After having well shuffled and cut the cards, or, as we have before said, had them cut, deal them out in two packs, containing[10] sixteen cards in each. Desire the person consulting you to choose one of them; lay aside the first card, to form “the surprise;” turn up the other fifteen, and range them in a half-circle before you, going from left to right, placing them in the order in which they come to hand, and taking care to remark whether the one representing the person for whom you are acting be among them. If not, the cards must be all gathered up, shuffled, cut, and dealt as before, and this must be repeated until the missing card makes its appearance in the pack chosen by the person it represents. Now proceed to explain them—first, by interpreting the meaning of any pairs, triplets, or quartettes among them; then by counting them in sevens, going from right to left, and beginning with the card representing the person consulting you; and lastly, by taking the cards at either extremity of the line and pairing them. This being done, gather up the fifteen cards, shuffle, cut, and deal them so as to form three packs of each five cards. From each of these three packs withdraw the topmost card, and place them on the one laid aside to form “the surprise,” thus forming four packs of four cards each.

Desire the person for whom you are acting to choose one of these packs, “for herself” or “himself,” as the case may be. Turn it up, and spread out the four cards it contains, from left to right, explaining their individual and relative signification. Next proceed in like manner with the pack on your left hand, which will be “for the house;” then the third one, “for those who do not expect it;” and lastly, “the surprise.”

In order to render our meaning perfectly clear, we will give another example. Let us suppose that the pack for the person consulting you is composed of the Knave of Hearts, the Ace of Diamonds, the Queen of Clubs, and the Eight of Spadesreversed. By the aid of the list of meanings we have given, it will be easy to interpret them as follows:

“The Knave of Hearts is a gay young bachelor—the Ace of Diamonds—who has written, or will very soon write, a letter—the Queen of Clubs—to a dark woman—Eight of Spades reversed—to make proposals to her, which will not be accepted.”

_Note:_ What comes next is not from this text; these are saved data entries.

Lemma qm_char0 : qm_char 0 = 0.
Proof. by rewrite -(scale0r (1 : A)) qm_charC. Qed.

Lemma qm_char_ge0 a : M a -> 0 <= qm_char a.
Proof. by move=> Ma; apply: qm_char_ub; rewrite scale0r subr0. Qed.

Lemma qm_charD a b : qm_char (a + b) = qm_char a + qm_char b.
Proof.
apply: qm_charE => r lt_r.
  pose d := (qm_char a + qm_char b - r) / 2.
  have Ma : M (a - (qm_char a - d)%:A) by apply: qm_lt_char; rewrite /d; lra.
  have Mb : M (b - (qm_char b - d)%:A) by apply: qm_lt_char; rewrite /d; lra.
  have -> : r = (qm_char a - d) + (qm_char b - d) by rewrite /d; lra.
  by have := qmD hM Ma Mb; congr M; rewrite !scale_in_alg; ring.
pose d := (r - qm_char a - qm_char b) / 2.
have Ma : M ((qm_char a + d)%:A - a) by apply: qm_char_lt; rewrite /d; lra.
have Mb : M ((qm_char b + d)%:A - b) by apply: qm_char_lt; rewrite /d; lra.
have -> : r = (qm_char a + d) + (qm_char b + d) by rewrite /d; lra.
by have := qmD hM Ma Mb; congr M; rewrite !scale_in_alg; ring.
Qed.

Lemma qm_charN a : qm_char (- a) = - qm_char a.
Proof. by have := qm_charD a (- a); rewrite subrr qm_char0; lra. Qed.

Lemma qm_charZ c a : qm_char (c *: a) = c * qm_char a.
Proof.
wlog c_gt0 : c / 0 < c.
  move=> pos; case: (ltgtP c 0) => [c_lt0|/pos //|->]; last by rewrite scale0r qm_char0 mul0r.
  by rewrite -[c *: a]opprK -scaleNr qm_charN pos ?oppr_gt0 // mulNr opprK.
have c_neq0 : c != 0 by rewrite gt_eqF.
apply: qm_charE => r lt_r.
  rewrite (_ : c *: a - r%:A = c *: (a - (r / c)%:A)).
    by apply: (qmZ hM (ltW c_gt0)); apply: qm_lt_char; rewrite ltr_pdivrMr // mulrC.
  by rewrite scalerBr scalerA mulrC divfK.
rewrite (_ : r%:A - c *: a = c *: ((r / c)%:A - a)).
  by apply: (qmZ hM (ltW c_gt0)); apply: qm_char_lt; rewrite ltr_pdivlMr // mulrC.
by rewrite scalerBr scalerA mulrC divfK.
Qed.

(* [b] lies between [-sqrt r] and [sqrt r] for every [r > 0], so [r - b^2 \in M]. *)
Lemma qm_char_sqr0 b : qm_char b = 0 -> qm_char (b ^+ 2) = 0.
Proof.
move=> yb; apply: qm_charE => r lt_r.
  have r_le0 : 0 <= - r by lra.
  by have := qmD_alg hM r_le0 (qm_sqr hM b); congr M; rewrite !scale_in_alg; ring.
have sr_gt0 : 0 < Num.sqrt r by rewrite sqrtr_gt0.
have hb : qbounded M (Num.sqrt r) b.
  split; first by apply: qm_char_lt; rewrite yb.
  have := @qm_lt_char b (- Num.sqrt r); rewrite yb oppr_lt0 => /(_ sr_gt0).
  by congr M; rewrite !scale_in_alg; ring.
by have := qbounded_sqr hM sr_gt0 hb; rewrite sqr_sqrtr //; exact: ltW.
Qed.

Lemma qm_char_sqr a : qm_char (a ^+ 2) = qm_char a ^+ 2.
Proof.
pose t := qm_char a; pose b := a - t%:A.
have yb : qm_char b = 0 by rewrite qm_charD qm_charN qm_charC subrr.
rewrite (_ : a ^+ 2 = b ^+ 2 + (2 * t) *: b + (t ^+ 2)%:A); last first.
  by rewrite /b !scale_in_alg; ring.
by rewrite !qm_charD qm_char_sqr0 // qm_charZ yb qm_charC mulr0 !add0r.
Qed.

Lemma qm_charM a b : qm_char (a * b) = qm_char a * qm_char b.
Proof.
have e : a * b = 4^-1 *: ((a + b) ^+ 2 - (a - b) ^+ 2).
  transitivity ((4^-1 * 4 : R)%:A * (a * b)).
    by rewrite mulVf ?pnatr_eq0 // scale1r mul1r.
  by rewrite !scale_in_alg; ring.
by rewrite e qm_charZ !qm_charD !qm_charN !qm_char_sqr !qm_charD !qm_charN; field.
Qed.

Lemma qm_char_is_alg_hom : is_alg_hom qm_char.
Proof.
split; [exact: qm_charD | exact: qm_charZ | exact: qm_charM |].
by have := qm_charC 1; rewrite scale1r.
Qed.

End Character.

On looking back to the list of significations, it will be found to run thus:

Knave of Hearts.—A gay young bachelor, who thinks only of pleasure.

Ace of Diamonds.—A letter soon to be received.

Queen of Clubs.—An affectionate woman, but quick-tempered and touchy.

Eight of Spades.—If reversed, a marriage broken off, or offer refused.

It will thus be seen that each card forms, as it were, a phrase from an assemblage of which nothing but a little practice is required to form complete sentences. Of this we will give a further example, by interpreting the signification of the three other packs—“for the house,” “for those who do not expect it,” and “the surprise.” The first of these, “for the house,” we will suppose to consist of the Queen of Hearts, the Knave of Spades[11] reversed, the Ace of Clubs, and the Nine of Diamonds, which reads thus:

“The Queen of Hearts is a fair woman, mild and amiable in disposition, who—Knave of Spades reversed—will be deceived by a dark, ill-bred young man—the Ace of Clubs—but she will receive some good news, which will console her—Nine of Diamonds—although it is probable that the news may be delayed.”

The pack “for those who do not expect it,” consisting of the Queen of Diamonds, the King of Spades, the Ace of Hearts reversed, and the Seven of Spades, would signify:

“The Queen of Diamonds is a mischief-making woman—the King of Spades—who is in league with a dishonest lawyer—Ace of Hearts reversed—they will hold a consultation together—Seven of Spades—but the harm they will do will soon be repaired.”

Last comes “the surprise,” formed by, we will suppose, the Knave of Clubs, the Ten of Diamonds, the Queen of Spades, and the Nine of Spades, of which the interpretation is:

“The Knave of Clubs is a clever, enterprising young man—Ten of Diamonds—about to undertake a journey—Queen of Spades—for the purpose of visiting a widow—Nine of Spades—but one or both of their lives will be endangered.”